YESUS KRISTUS memberitakan kabar baik Kerajaan Allah kepada segala macam orang. Banyak dari antara mereka tertindas, merasa kecil hati. Namun Yesus memberikan mereka berita yang membesarkan hati. Ia memiliki keibaan hati terhadap orang-orang yang menderita.
Matius, sang penulis Injil, menonjolkan keibaan hati Yesus dengan menarik perhatian kepada sebuah nubuat yang dicatat oleh Yesaya. Mengutip kata-kata yang digenapi oleh Kristus, Matius menulis, “Buluh yang memar tidak akan ia remukkan, dan sumbu rami yang redup tidak akan ia padamkan, sampai ia memancarkan keadilan dengan sukses.” (Matius 12:20; Yesaya 42:3) Apa yang dimaksud dengan kata-kata ini, dan bagaimana Yesus menggenapi nubuat ini?
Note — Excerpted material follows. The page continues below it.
(* Let $\mathcal{T}$ be an infinite set of theories of the form $T_I$ ($I$ an index set), and let $J$ be an index set with $T_J\notin\mathcal{T}$. Then $T_J\in\mathrm{Cl}_E(\mathcal{T})$ if and only if for every finite set $J_0\subset I_0$ there are infinitely many $T_I\in\mathcal{T}$ with $J\cap J_0=I\cap J_0$.
   Context: A predicate symbol $R$ is non-empty for a theory $T$ if $T\vdash\exists\bar x R(\bar x)$, empty otherwise. A complete theory $T$ in a predicate language is language uniform (LU) if for each arity $m$, every permutation of the set of $m$-ary symbols non-empty for $T$ preserves $T$. Let $T_0$ be a complete LU-theory in a relational language $\Sigma_0$, let $n\ge1$, and let $\{R_k\mid k\in I_0\}$, $I_0$ infinite, be the set of $n$-ary symbols of $\Sigma_0$ that are non-empty for $T_0$. Let $\Sigma'=\{R_k\mid k\in I_0\}\cup\{$symbols of $\Sigma_0$ of arity $\neq n\}$. An index set is an infinite $I\subseteq I_0$ with $|I|=|I_0|$ and $|I_0\setminus I|$ equal to the number of $n$-ary symbols of $\Sigma_0$ that are empty for $T_0$. For an index set $I$, $T_I$ is the complete $\Sigma'$-theory axiomatized by the restriction of $T_0$ to the language $\{R_k\mid k\in I\}\cup\{$symbols of arity $\ne n\}$ together with $\{\forall\bar x\neg R_l(\bar x)\mid l\in I_0\setminus I\}$. $E$-closure (over the language $\Sigma'$): let $E$ be a new binary symbol. The $E$-combination of a family $(\mathcal{A}_i)_{i}$ of $\Sigma'$-structures with disjoint universes is the $(\Sigma'\cup\{E\})$-structure on $\bigcup_iA_i$ with $E$ the equivalence relation whose classes are the $A_i$ and each $R\in\Sigma'$ interpreted as $\bigcup_iR^{\mathcal{A}_i}$. For a set $\mathcal{T}$ of complete $\Sigma'$-theories, $\mathrm{Cl}_E(\mathcal{T})$ is the set of complete theories of the $E$-classes (as induced $\Sigma'$-structures) of structures $\mathcal{A}'$ elementarily equivalent to some $E$-combination of structures whose theories lie in $\mathcal{T}$. *)

From Stdlib Require Import List Arith.
Import ListNotations.
Set Implicit Arguments.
Tinjauan atas Nubuat Tersebut
Pada umumnya, buluh tumbuh di daerah berawa-rawa dan bukan tanaman yang kuat dan kokoh. ”Buluh yang memar” tentu saja lemah. Oleh karena itu, buluh tampaknya menggambarkan orang-orang yang tertindas atau menderita seperti halnya pria dengan tangan layu yang disembuhkan Yesus pada hari Sabat. (Matius 12:10-14) Namun bagaimana dengan nubuat tentang sumbu lampu?
Lampu rumah yang umum di abad pertama M adalah sebuah bejana tembikar seperti poci kecil dengan sebuah pegangan cangkir. Lampu tersebut biasanya diisi dengan minyak zaitun. Dengan gaya tarik kapiler, sumbu yang terbuat dari rami menarik minyak ke atas untuk menghidupkan apinya. Tentu saja, ’sumbu yang redup’ akan segera habis.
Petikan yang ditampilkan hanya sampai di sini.